Empirical Determination of the Internal Energy of Polyethylene Based on the Pressure-Volume-Temperature-Entropy Equation of State. II. The Revised Internal Energy Based on the Zero Kelvin Isotherm

Abstract

In our previous reports, two types of the internal energy for polyethylene (PE) were derived, which were based on the thermodynamic relation that $d{U}_{TH}=C_{V }dT+\left({\gamma }_{V}T-P\right)dV$ and based on the partition function, that $U_{PF}=R{T}^2\frac{\partial \ln \hspace{0.17em}f}{\partial V}$ where $f=\sum e^{-\frac{{\theta }_i}{T}},$ C_V is the isochoric heat capacity, ${\gamma }_V$ is the thermal pressure coefficient and $e^{-\frac{{\theta }_i}{T}}$ is the Boltzmann factor.
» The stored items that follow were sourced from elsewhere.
(* Let $(\mathcal{M},g)$ be a globally hyperbolic Lorentzian spacetime and let $\{\Sigma_t\}_{t\in\mathbb{R}}$ be a foliation of $\mathcal{M}$ into spacelike Cauchy hypersurfaces. Let $\mathcal{H}$ be a Hilbert space, $\mathcal{D}\subset\mathcal{H}$ a dense subset, and let $\hat\psi:\mathcal{M}\to\mathcal{L}(\mathcal{D},\mathcal{H})$ and $\hat\pi:\mathcal{M}\to\mathcal{L}(\mathcal{D},\mathcal{H})$ be maps such that (1) $\hat\psi(x)\mathcal{D}\subset\mathcal{D}$ and $\hat\psi(x)^\dagger\mathcal{D}\subset\mathcal{D}$ for all $x\in\mathcal{M}$; (2) $\hat\pi(x)\mathcal{D}\subset\mathcal{D}$ and $\hat\pi(x)^\dagger\mathcal{D}\subset\mathcal{D}$ for all $x\in\mathcal{M}$; (3) for every $t\in\mathbb{R}$ the restriction $\hat\pi|_{\Sigma_t}$ is weakly continuous, i.e. for all $\ket{\phi},\ket{\psi}\in\mathcal{D}$ the map $x\in\Sigma_t\mapsto\bra{\phi}\hat\pi(x)\ket{\psi}$ is continuous. Then for every $t\in\mathbb{R}$ and every $x\in\Sigma_t$: $[\hat\psi(x),\hat\pi(y)]=0$ for all $y\in\Sigma_t\setminus\{x\}$ if and only if $[\hat\psi(x),\hat\pi(y)]=0$ for all $y\in\Sigma_t$; and $\{\hat\psi(x),\hat\pi(y)\}=0$ for all $y\in\Sigma_t\setminus\{x\}$ if and only if $\{\hat\psi(x),\hat\pi(y)\}=0$ for all $y\in\Sigma_t$, where all (anti)commutators are understood as operators on $\mathcal{D}$.
   Context: $\mathcal{L}(\mathcal{D},\mathcal{H})$ denotes the linear maps from the dense subspace $\mathcal{D}\subset\mathcal{H}$ into $\mathcal{H}$. $[A,B]=AB-BA$ and $\{A,B\}=AB+BA$. *)

From HB Require Import structures.
From mathcomp Require Import all_boot all_order all_algebra.
From mathcomp Require Import complex.
From mathcomp Require Import all_classical all_reals all_analysis.
Import numFieldTopology.Exports numFieldNormedType.Exports.
Import Order.TTheory GRing.Theory Num.Theory.

Set Implicit Arguments.
Unset Strict Implicit.
Unset Printing Implicit Defensive.

Local Open Scope ring_scope.
Local Open Scope classical_set_scope.
Local Open Scope complex_scope.

Definition Cc (R : realType) : numClosedFieldType := R[i].

(* ip is a (physicists') inner product on H: conjugate-linear in the first
   argument, linear in the second, hermitian and positive definite. *)
Definition is_inner_product (R : realType) (H : lmodType (Cc R))
    (ip : H -> H -> Cc R) : Prop :=
  [/\ (forall (a : Cc R) (u v w : H), ip u (a *: v + w) = a * ip u v + ip u w),
      (forall u v : H, ip u v = (ip v u)^*),
      (forall u : H, 0 <= ip u u) &
      (forall u : H, ip u u = 0 -> u = 0)].

Definition sqnorm (R : realType) (H : lmodType (Cc R)) (ip : H -> H -> Cc R)
    (u : H) : Cc R := ip u u.

Definition ip_complete (R : realType) (H : lmodType (Cc R))
    (ip : H -> H -> Cc R) : Prop :=
  forall s : nat -> H,
    (forall e : R, 0 < e -> exists N : nat, forall m n : nat,
        (N <= m)%N -> (N <= n)%N -> `|sqnorm ip (s m - s n)| < e%:C) ->
    exists l : H, forall e : R, 0 < e -> exists N : nat, forall n : nat,
        (N <= n)%N -> `|sqnorm ip (s n - l)| < e%:C.

Definition is_hilbert_space (R : realType) (H : lmodType (Cc R))
    (ip : H -> H -> Cc R) : Prop :=
  is_inner_product ip /\ ip_complete ip.

Definition dense_subspace (R : realType) (H : lmodType (Cc R))
    (ip : H -> H -> Cc R) (D : set H) : Prop :=
  [/\ D 0,
      (forall (a : Cc R) (u v : H), D u -> D v -> D (a *: u + v)) &
      (forall (h : H) (e : R), 0 < e ->
          exists2 d : H, D d & `|sqnorm ip (h - d)| < e%:C)].

(* A : H -> H represents an element of L(D,H): only its values on D matter,
   and it is linear there. *)
Definition linear_on (R : realType) (H : lmodType (Cc R)) (D : set H)
    (A : H -> H) : Prop :=
  forall (a : Cc R) (u v : H), D u -> D v -> A (a *: u + v) = a *: A u + A v.

Definition maps_into (T : Type) (D : set T) (A : T -> T) : Prop :=
  forall u, D u -> D (A u).

(* A^† D ⊂ D, for A densely defined on D: every phi in D lies in the domain
   of the adjoint A^† (i.e. there is eta with <eta|u> = <phi|A u> for all u
   in D, and then A^† phi = eta), and A^† phi lies in D. *)
Definition adjoint_maps_into (R : realType) (H : lmodType (Cc R))
    (ip : H -> H -> Cc R) (D : set H) (A : H -> H) : Prop :=
  forall phi : H, D phi ->
    exists2 eta : H, D eta & forall u : H, D u -> ip eta u = ip phi (A u).

Definition commutator (R : realType) (H : lmodType (Cc R)) (A B : H -> H)
    (v : H) : H := A (B v) - B (A v).
Definition anticommutator (R : realType) (H : lmodType (Cc R)) (A B : H -> H)
    (v : H) : H := A (B v) + B (A v).
Definition commutator_vanishes_on (R : realType) (H : lmodType (Cc R))
    (D : set H) (A B : H -> H) : Prop :=
  forall v : H, D v -> commutator A B v = 0.
Definition anticommutator_vanishes_on (R : realType) (H : lmodType (Cc R))
    (D : set H) (A B : H -> H) : Prop :=
  forall v : H, D v -> anticommutator A B v = 0.

Definition chart (R : realType) (M : topologicalType) (m : nat)
    (U : set M) (f : M -> 'rV[R]_m) : Prop :=
  open U /\ open (f @` U) /\
  exists g : 'rV[R]_m -> M,
    [/\ (forall x, U x -> g (f x) = x),
        (forall v, (f @` U) v -> f (g v) = v),
        {within U, continuous f} &
        {within f @` U, continuous g}].

Definition topological_manifold (R : realType) (M : topologicalType) (m : nat)
    : Prop :=
  hausdorff_space M /\
  forall x : M, exists U : set M, exists f : M -> 'rV[R]_m.+1,
      U x /\ chart U f.

Definition embedded_hypersurface (R : realType) (M : topologicalType) (m : nat)
    (S : set M) : Prop :=
  forall x : M, S x -> exists U : set M, exists f : M -> 'rV[R]_m.+1,
    [/\ U x, chart U f &
        f @` (U `&` S) = (f @` U) `&` [set v | v ord0 ord_max = 0]].

Definition hypersurface_foliation (R : realType) (M : topologicalType)
    (m : nat) (Sigma : R -> set M) : Prop :=
  [/\ (forall x : M, exists t : R, Sigma t x),
      (forall s t : R, s != t -> Sigma s `&` Sigma t = set0) &
      (forall t : R, embedded_hypersurface R m (Sigma t))].

From HB Require Import structures.
From mathcomp Require Import all_boot all_order all_algebra.
From mathcomp Require Import complex.
From mathcomp Require Import all_classical all_reals all_analysis.
Import numFieldTopology.Exports numFieldNormedType.Exports.
Import Order.TTheory GRing.Theory Num.Theory.
Local Open Scope ring_scope.
Local Open Scope classical_set_scope.

Set Implicit Arguments.
Unset Strict Implicit.
Unset Printing Implicit Defensive.

(* Every point x of a leaf Sigma_t is a limit point of Sigma_t: in a slice
   chart the leaf is a hyperplane of R^(n+2), which has positive dimension.
   For d, v in D the matrix element
     <d|[psi(x), pi(y)] v> = <psi(x)^+ d|pi(y) v> - <d|pi(y) psi(x) v>
   is a continuous function of y on Sigma_t, because psi(x) and psi(x)^+
   preserve D and pi is weakly continuous on Sigma_t. If it vanishes on
   Sigma_t minus {x}, it vanishes at the limit point x as well; as D is dense,
   [psi(x), pi(x)] v = 0. The anticommutator is handled identically. *)

Lemma within_continuous_limit_point_eq (T U : topologicalType) (S : set T)
    (g : T -> U) (x : T) (c : U) :
  accessible_space U -> {within S, continuous g} -> S x -> limit_point S x ->
  (forall y, S y -> y != x -> g y = c) -> g x = c.
Proof.
move=> T1U /subspace_continuousP cg Sx xS gc.
apply/eqP/negPn/negP => gxc.
have [A [oA Agx cA]] := T1U _ _ gxc.
have /cg : nbhs (g x) A by apply: open_nbhs_nbhs; split => //; exact/set_mem.
move=> /(_ Sx) /xS[y [yx Sy /(_ Sy)]] /=.
by move: cA; rewrite /from_subspace gc // inE => nAc /nAc.
Qed.

Lemma limit_pointI_nbhs (T : topologicalType) (A V : set T) (x : T) :
  nbhs x V -> limit_point A x -> limit_point (A `&` V) x.
Proof.
move=> Vx xA W Wx; have [y [yx Ay [Wy Vy]]] := xA _ (filterI Wx Vx).
by exists y.
Qed.

Lemma limit_point_hyperplane (R : realType) (m : nat) (v : 'rV[R]_m.+2) :
  v ord0 ord_max = 0 -> limit_point [set w : 'rV[R]_m.+2 | w ord0 ord_max = 0] v.
Proof.
move=> v0 W Wv.
(* Moving along ord0 stays in the hyperplane since ord0 != ord_max in 'I_m.+2. *)
pose e : 'rV[R]_m.+2 := delta_mx 0 ord0.
have ve : v + s *: e @[s --> (0 : R)] --> v + 0 *: e.
  by apply: cvgD; [exact: cvg_cst | apply: cvgZl; exact: cvg_id].
rewrite scale0r addr0 in ve.
have : \forall s \near (0 : R)^', s != 0 /\ W (v + s *: e).
  near=> s; split; first by near: s; exact: nbhs_dnbhs_neq.
  by near: s; apply: nbhs_dnbhs; exact: ve.
move=> /filter_ex[s [s0 Ws]]; exists (v + s *: e); split => //=.
- rewrite -subr_eq0 addrAC subrr add0r scaler_eq0 (negbTE s0) /=.
  by apply/eqP => /matrixP/(_ 0 ord0); rewrite !mxE /= => /eqP; rewrite oner_eq0.
- by rewrite !mxE v0 /= mulr0 addr0.
Unshelve. all: by end_near.
Qed.

Lemma limit_point_chart (T V : topologicalType) (U S : set T) (f : T -> V)
    (g : V -> T) (x : T) :
  U x -> (forall y, U y -> g (f y) = y) -> {within f @` U, continuous g} ->
  limit_point (f @` (U `&` S)) (f x) -> limit_point S x.
Proof.
move=> Ux gf /subspace_continuousP cg fxS W Wx.
have /(_ W) := cg (f x) (ex_intro2 _ _ x Ux erefl).
rewrite /from_subspace gf // => /(_ Wx) /fxS.
move=> [v [fyx [y [Uy Sy] fyv] Wy]]; subst v.
move: Wy => /(_ (ex_intro2 _ _ y Uy erefl)); rewrite /preimage /= gf // => Wy.
exists y; split => //.
by apply: contra_neq fyx => ->.
Qed.

Lemma embedded_hypersurface_limit_point (R : realType) (M : topologicalType)
    (m : nat) (S : set M) (x : M) :
  embedded_hypersurface R m.+1 S -> S x -> limit_point S x.
Proof.
move=> hS Sx; have [U [f [Ux [_ [ofU [g [gf _ _ cg]]]] sliceS]]] := hS x Sx.
apply: (limit_point_chart Ux gf cg); rewrite sliceS setIC.
apply: limit_pointI_nbhs; first by apply: open_nbhs_nbhs; split => //; exists x.
apply: limit_point_hyperplane.
have : (f @` (U `&` S)) (f x) by exists x.
by rewrite sliceS => -[].
Qed.

Section InnerProduct.
Local Open Scope complex_scope.
Variables (R : realType) (H : lmodType (Cc R)) (ip : H -> H -> Cc R).
Hypothesis hip : is_inner_product ip.

Lemma ipDr u v w : ip u (v + w) = ip u v + ip u w.
Proof. by case: hip => lin _ _ _; rewrite -[v]scale1r lin mul1r scale1r. Qed.

Lemma ipBr u v w : ip u (v - w) = ip u v - ip u w.
Proof. by case: hip => lin _ _ _; rewrite addrC -scaleN1r lin mulN1r addrC. Qed.

Lemma ipr0 u : ip u 0 = 0.
Proof. by rewrite -(subrr 0) ipBr subrr. Qed.

Lemma ipBl u v w : ip (u - v) w = ip u w - ip v w.
Proof. by case: hip => _ herm _ _; rewrite herm ipBr rmorphB /= -!herm. Qed.

Lemma dense_orthogonal_eq0 (D : set H) w :
  dense_subspace ip D -> (forall d, D d -> ip d w = 0) -> w = 0.
Proof.
move=> [_ _ dens] orth; case: hip => _ herm pos def; apply: def.
have [a wwE] : exists a : R, ip w w = a%:C.
  move: (pos w); case: (ip w w) => a b; rewrite lecE /= => /andP[/eqP b0 _].
  by exists a; rewrite b0.
have a_ge0 : 0 <= a by rewrite -lecR -wwE.
have [a0|a_neq0] := eqVneq a 0; first by rewrite wwE a0.
have [d Dd] : exists2 d, D d & `|sqnorm ip (w - d)| < a%:C.
  by apply: dens; rewrite lt_neqAle eq_sym a_neq0.
have -> : sqnorm ip (w - d) = ip w w + ip d d.
  rewrite /sqnorm ipBl !ipBr (orth d Dd) (herm w d) (orth d Dd).
  by rewrite raddf0 !subr0 sub0r opprK.
by rewrite ger0_norm ?addr_ge0 // wwE gtrDl => /(le_lt_trans (pos d)); rewrite ltxx.
Qed.

End InnerProduct.

Section WeakContinuity.
Variables (R : realType) (H : lmodType (Cc R)) (ip : H -> H -> Cc R).
Variables (D : set H) (T : topologicalType) (S : set T).
Hypothesis hip : is_inner_product ip.

Lemma weakly_continuous_eq0_at_limit_point (F : T -> H) (x : T) :
  dense_subspace ip D ->
  (forall d, D d -> {within S, continuous (fun y => ip d (F y))}) ->
  S x -> limit_point S x -> (forall y, S y -> y != x -> F y = 0) -> F x = 0.
Proof.
move=> hD cF Sx xS F0; apply: (dense_orthogonal_eq0 hip hD) => d Dd.
apply: (within_continuous_limit_point_eq _ (cF d Dd)) => // [|y Sy yx].
  exact/hausdorff_accessible/norm_hausdorff.
by rewrite F0 // ipr0.
Qed.

Variables (A : H -> H) (B : T -> H -> H).
Hypotheses (A_D : maps_into D A) (A_adj : adjoint_maps_into ip D A).
Hypothesis B_D : forall y, maps_into D (B y).
Hypothesis B_weak : forall phi chi, D phi -> D chi ->
  {within S, continuous (fun y => ip phi (B y chi))}.

Lemma commutator_weakly_continuous d v : D d -> D v ->
  {within S, continuous (fun y => ip d (commutator A (B y) v))}.
Proof.
move=> Dd Dv; have [eta Deta etaE] := A_adj Dd.
have -> : (fun y => ip d (commutator A (B y) v)) =
          (fun y => ip eta (B y v)) - (fun y => ip d (B y (A v))).
  by apply/funext => y; rewrite /commutator ipBr // -etaE //; exact: B_D.
exact: within_continuousB (B_weak Deta Dv) (B_weak Dd (A_D Dv)).
Qed.

Lemma anticommutator_weakly_continuous d v : D d -> D v ->
  {within S, continuous (fun y => ip d (anticommutator A (B y) v))}.
Proof.
move=> Dd Dv; have [eta Deta etaE] := A_adj Dd.
have -> : (fun y => ip d (anticommutator A (B y) v)) =
          (fun y => ip eta (B y v)) + (fun y => ip d (B y (A v))).
  by apply/funext => y; rewrite /anticommutator ipDr // -etaE //; exact: B_D.
exact: within_continuousD (B_weak Deta Dv) (B_weak Dd (A_D Dv)).
Qed.

Lemma weakly_continuous_vanish_off_limit_point (C : T -> H -> H) (x : T) :
  dense_subspace ip D -> S x -> limit_point S x ->
  (forall d v, D d -> D v -> {within S, continuous (fun y => ip d (C y v))}) ->
  (forall y, S y -> y <> x -> forall v, D v -> C y v = 0) <->
  (forall y, S y -> forall v, D v -> C y v = 0).
Proof.
move=> hD Sx xS cC; split=> [C0 y Sy v Dv | C0 y Sy _]; last exact: C0.
have [->|/eqP yx] := eqVneq y x; last exact: C0.
apply: (weakly_continuous_eq0_at_limit_point hD (fun d Dd => cC d v Dd Dv)) => //.
by move=> z Sz /eqP zx; exact: C0.
Qed.

End WeakContinuity.

Theorem theorem1
  (R : realType)
  (* spacetime of dimension n.+2 >= 2, foliated by hypersurfaces Sigma t *)
  (M : topologicalType) (n : nat) (Sigma : R -> set M)
  (hM : topological_manifold R M n.+1)
  (hSigma : hypersurface_foliation n.+1 Sigma)
  (* Hilbert space H with inner product ip, dense subspace D *)
  (H : lmodType (Cc R)) (ip : H -> H -> Cc R) (D : set H)
  (hH : is_hilbert_space ip) (hD : dense_subspace ip D)
  (* field operators psi, pi : M -> L(D,H) *)
  (psi pi : M -> H -> H)
  (hpsi_lin : forall x : M, linear_on D (psi x))
  (hpi_lin : forall x : M, linear_on D (pi x))
  (h1 : forall x : M, maps_into D (psi x) /\ adjoint_maps_into ip D (psi x))
  (h2 : forall x : M, maps_into D (pi x) /\ adjoint_maps_into ip D (pi x))
  (h3 : forall (t : R) (phi chi : H), D phi -> D chi ->
          {within Sigma t, continuous (fun y : M => ip phi (pi y chi))}) :
  forall (t : R) (x : M), Sigma t x ->
    ((forall y : M, Sigma t y -> y <> x ->
        commutator_vanishes_on D (psi x) (pi y)) <->
     (forall y : M, Sigma t y -> commutator_vanishes_on D (psi x) (pi y)))
    /\
    ((forall y : M, Sigma t y -> y <> x ->
        anticommutator_vanishes_on D (psi x) (pi y)) <->
     (forall y : M, Sigma t y -> anticommutator_vanishes_on D (psi x) (pi y))).
Proof.
move=> t x Sx; have [hip _] := hH; have [psiD psi_adj] := h1 x.
have piD y : maps_into D (pi y) by case: (h2 y).
have xS : limit_point (Sigma t) x.
  by have [_ _ hS] := hSigma; exact: embedded_hypersurface_limit_point (hS t) Sx.
split; [apply: (weakly_continuous_vanish_off_limit_point
                  (C := fun y => commutator (psi x) (pi y)) hip hD Sx xS) |
        apply: (weakly_continuous_vanish_off_limit_point
                  (C := fun y => anticommutator (psi x) (pi y)) hip hD Sx xS)]
  => d v Dd Dv.
- exact: (commutator_weakly_continuous hip psiD psi_adj piD (h3 t)) Dd Dv.
- exact: (anticommutator_weakly_continuous hip psiD psi_adj piD (h3 t)) Dd Dv.
Qed.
In this work, a revised internal energy based on the U_TH, U_rev.TH, was derived by introducing a zero Kelvin internal energy. A revised internal energy based on the U_PF, U_rev.PF, was also derived by introducing the zero Kelvin internal energy. The zero Kelvin internal energy, U(V, T = 0 K), was determined based on a zero Kelvin isotherm, which was determined from the P-V-T equation of state derived in our previous work. In this report, the three-dimensional (3D) plot, 3D plot, with the three axes, x = T_U, y = P_U, z = V_U expressed by the 3D (T_U, P_U, V_U) and the 3D (T_U, V_U. S_U) at constant U in PE were determined by the U_rev.TH where the processes were characterized by decreasing of the volume and the entropy with increasing of the pressure, while the temperature in the iso-internal process had a maximum with increasing the pressure, which were different from those determined by the U_TH in our previous work. The revised internal energy U_rev.PF was expressed by the summation of the terms of T ² and T ⁴, the Boltzmann factors $e^{-\frac{i {\theta }_1}{T}}$ and the U(V,T = 0 K) where the temperature dependence of the T ⁴ term and the Boltzmann factors $e^{-\frac{i {\theta }_1}{T}}$ with i = 6 and 3 were dominant in the U_rev.PF at V = 1.04 cm³/g, while at V = 0.85 cm³/g in the range of high pressure, the U(V,T = 0 K) became a controlling factor. In the case of the U_rev,PF at constant temperature T = 320 K, the volume dependence of the T ² term and the U(V,T = 0 K) were dominant factors.

Keywords:

• Internal energy
• partition function
• polyethylene
• pressure-volume-temperature-entropy equation of state
• zero Kelvin isotherm